To celebrate Valentine’s Day, GLAAD asked three of its campus ambassadors to recall their milestone smooches. In the video above, they describe experiences ranging from “very liberating” to “hilarious.”
Rosemary Mulvey of New York’s Ithaca College says in the clip that her first kiss with another woman took place at a party.
“There was more to my identity than being bisexual or straight. I was actually a queer woman,” she says. “It was a pretty big wake-up call for me, because I realized that I really wasn’t happy in a relationship with a man.”
The University of Washington’s Andre Menchavez felt similarly.
“Being gay, for me, was always something that was seen as a question or a phase,” he says in the video. “But that first kiss really solidified that I was gay, and it made me comfortable with that label.”

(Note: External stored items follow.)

(* Consider the following setup. Let $K<\infty$ and, for $i=1,\ldots,K$, let $\{T^{(i)}_{n_i}\}$ be a sequence of test statistics for testing $H_0^{(i)}:\theta_i\in\Theta_0^{(i)}$ against $\theta_i\in\Theta^{(i)}\setminus\Theta_0^{(i)}$, with $p$-values $p_i=p_i^{(n_i)}$, independent under the null for all sample sizes, each with exact slope $c_i(\theta_i)\ge0$ (i.e. $-\frac{2}{n_i}\log p_i^{(n_i)}\to c_i(\theta_i)$ with probability one as $n_i\to\infty$), where $c_i(\theta_i)=0$ for $\theta_i\in\Theta_0^{(i)}$ and $c_i(\theta_i)>0$ otherwise. Let $n=\frac1K\sum_in_i$, $n_i/n\to\lambda_i>0$, $\sum_i\lambda_i=K$, and assume $\lambda_1c_1(\theta_1)\ge\cdots\ge\lambda_Kc_K(\theta_K)\ge0$ with $c_i(\theta_i)>0$ exactly for $1\le i\le\ell$. For a fixed $\tau\in(0,1]$ define $$T_{\mathrm{TFhard}}(\tau)=\sum_{i=1}^K(-2\log p_i)\,\mathrm{I}_{\{p_i\le\tau\}},\qquad T_{\mathrm{TFsoft}}(\tau)=\sum_{i=1}^K(-2\log p_i+2\log\tau)_+,$$ where $(x)_+=\max(x,0)$. Then both tests are ABO, with exact slopes $C_{\mathrm{TFhard}}(\vec\theta)=C_{\mathrm{TFsoft}}(\vec\theta)=\sum_{i=1}^\ell\lambda_ic_i(\theta_i)$.
   Context: The exact slope of a combination test with $p$-value $p$ (computed from its null distribution, under which $p_1,\ldots,p_K$ are i.i.d. Unif$(0,1)$) is the function $C(\vec\theta)$ with $-\frac{2}{n}\log p\to C(\vec\theta)$ with probability one as $n\to\infty$. A combination test is asymptotically Bahadur optimal (ABO) if its exact slope equals $\sum_{i=1}^\ell\lambda_ic_i(\theta_i)$. *)

From HB Require Import structures.
From mathcomp Require Import all_boot all_order all_algebra.
From mathcomp Require Import all_classical all_reals all_analysis.
Set Implicit Arguments. Unset Strict Implicit. Unset Printing Implicit Defensive.
Import Order.TTheory GRing.Theory Num.Theory.
Import numFieldNormedType.Exports.
Local Open Scope classical_set_scope.
Local Open Scope ring_scope.

Definition pospart {R : realType} (x : R) : R := Num.max x 0.

Definition TFhard {R : realType} (K : nat) (tau : R) (q : 'I_K -> R) : R :=
  \sum_(i < K) (if q i <= tau then - 2 * ln (q i) else 0).

Definition TFsoft {R : realType} (K : nat) (tau : R) (q : 'I_K -> R) : R :=
  \sum_(i < K) pospart (- 2 * ln (q i) + 2 * ln tau).

Definition is_unif01 {d} {T : measurableType d} {R : realType}
  (Q : probability T R) (X : {RV Q >-> R}) : Prop :=
  forall x : R, 0 <= x <= 1 -> Q [set w | X w <= x] = x%:E.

The average age for a first kiss among LGBTQ people is 17 years old, roughly two years later than heterosexual people, GLAAD points out. In other cases, young queer people may have been kissed someone before but find their first LGBTQ kiss to be a more important moment.
“When their first LGBTQ kiss happens, it’s validation of all the time that went into feeling secure in their identity,” GLAAD officials wrote in a blog post.
The video, released Wednesday, is part a new digital series called “amp” that is aimed at elevating LGBTQ youth voices.